It’s been a busy month pushing out papers. I’ll cover some of them here over the next days.
The first one I’ll mention is MAD Skills: New Analysis Practices for Big Data (link updated to VLDB version). The paper does a few controversial things (if you’re the kind of person who finds data management a source of controversy):
- It takes on “data warehousing” and “business intelligence” as outmoded, low-tech approaches to getting value out of Big Data. Instead, it advocates a “Magnetic, Agile, Deep” (MAD) approach to data, that shifts the locus of power from what Brian Dolan calls the “DBA priesthood” to the statisticians and analysts who actually like to crunch the numbers. This is a good thing, on many fronts.
- It describes a state-of-the-art parallel data warehouse that sits on 800TB of disk, using 40 dual-processor dual-core Sun Thumper boxes.
- It presents a set of general-purpose, hardcore, massively parallel statistical methods for big data. They’re expressed in SQL (OMG!) but could be easily translated to MapReduce if that’s your bag.
- It argues for a catholic (small-c) approach to programming Big Data, including SQL & MapReduce, Java & R, Python & Perl, etc. If you already have a parallel database, it just shouldn’t be that hard to support all those things in a single engine.
- It advocates a similarly catholic approach to storage. Use your parallel filesystem, or your traditional database tables, or your compressed columnstore formats, or what have you.
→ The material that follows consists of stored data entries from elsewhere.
(* Let $\tau\in(0,1)$, $(\beta,\gamma,\kappa,\upsilon,C_S,C_{\mathrm{App}})\in(0,1]\times(0,\infty)^2\times(0,1)\times[1,\infty)^2$. Let $P\in\mathcal P_{\mathrm{H\ddot ol}}(\beta,C_S)\cap\mathcal P_{\mathrm{App}}(\mathcal A_{\mathrm{rect}},\tau,\kappa,\gamma,C_{\mathrm{App}})$ be a distribution on $\mathbb R^d\times[0,1]$ with regression function $\eta$ and Lebesgue absolutely continuous marginal $\mu$ having a continuous density $f_\mu$. Suppose $\mathcal X_\tau(\eta)\subseteq\mathcal R_\upsilon(\mu)$, $\mu(\eta^{-1}((\tau,1]))>0$ and $\eta^{-1}(\{\tau\})\neq\emptyset$. Then $\beta\gamma(\kappa-1)\le d\kappa$.
   Context: $\eta(x)=\mathbb E(Y\mid X=x)$; $\mathcal X_c(f):=\{x:f(x)\ge c\}$; $\bar B_\infty,B_\infty$: closed/open sup-norm balls. $\mathcal P_{\mathrm{H\ddot ol}}(\beta,C_S)$ (for $\beta\in(0,1]$): $|\eta(x')-\eta(x)|\le C_S\|x'-x\|^\beta_\infty$ for all $x,x'$. $M_\tau:=\sup\{\mu(A):A\in\mathcal A_{\mathrm{rect}},A\subseteq\mathcal X_\tau(\eta)\}$, with $\mathcal A_{\mathrm{rect}}$ the compact axis-aligned hyper-rectangles. Lower density $\omega(x):=\inf_{r\in(0,1)}\mu(\bar B_\infty(x,r))/r^d$. $\mathcal P_{\mathrm{App}}(\mathcal A_{\mathrm{rect}},\tau,\kappa,\gamma,C_{\mathrm{App}})$: $\sup\{\mu(A):A\in\mathcal A_{\mathrm{rect}},A\subseteq\mathcal X_\xi(\omega)\cap\mathcal X_{\tau+\Delta}(\eta)\}\ge M_\tau-C_{\mathrm{App}}(\xi^\kappa+\Delta^\gamma)$ for all $\xi,\Delta>0$. $\mathcal R_\upsilon(\mu):=\bigcap_{r\in(0,1)}\{x:\mu(B_\infty(x,r))\ge\upsilon r^d\sup_{x'\in B_\infty(x,(1+\upsilon)r)}f_\mu(x')\}$. *)

From HB Require Import structures.
From mathcomp Require Import all_boot all_order all_algebra.
From mathcomp Require Import all_classical all_reals all_analysis.
Set Implicit Arguments. Unset Strict Implicit. Unset Printing Implicit Defensive.
Import Order.TTheory GRing.Theory Num.Theory.
Import numFieldNormedType.Exports.
Local Open Scope classical_set_scope.
Local Open Scope ring_scope.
These should not be standalone “technologies”, they are great features that should — no, will — get added to existing parallel data systems. (C’mon, you know it’s true… )
I started to write the paper because it was just too cool what Brian Dolan was doing with Greenplum at Fox Interactive Media (parent company of MySpace.com) — e.g., writing Support Vector Machines in SQL and running it over dozens of TB of data. Brian was a great sport about taking his real-world experience and good ideas and putting them down on paper for others to read. Along the way I learned a lot about the data architecture ideas he’s been cooking with Mark Dunlap, which are real thumb in the eye of the warehouse orthodoxy, and make eminent good sense in today’s world. Finally, it was nice to get to write about the good things that Jeff Cohen and Caleb Welton have been doing at Greenplum to cut through the hype and shrink the distance between SQL and MapReduce. I’m hoping those guys will have time to sit down one of these days and patiently write up how they’ve done it … it’s really very elegant.
And it still warms my heart that it’s Postgres code underneath all that. Time to resurrect the xfunc code!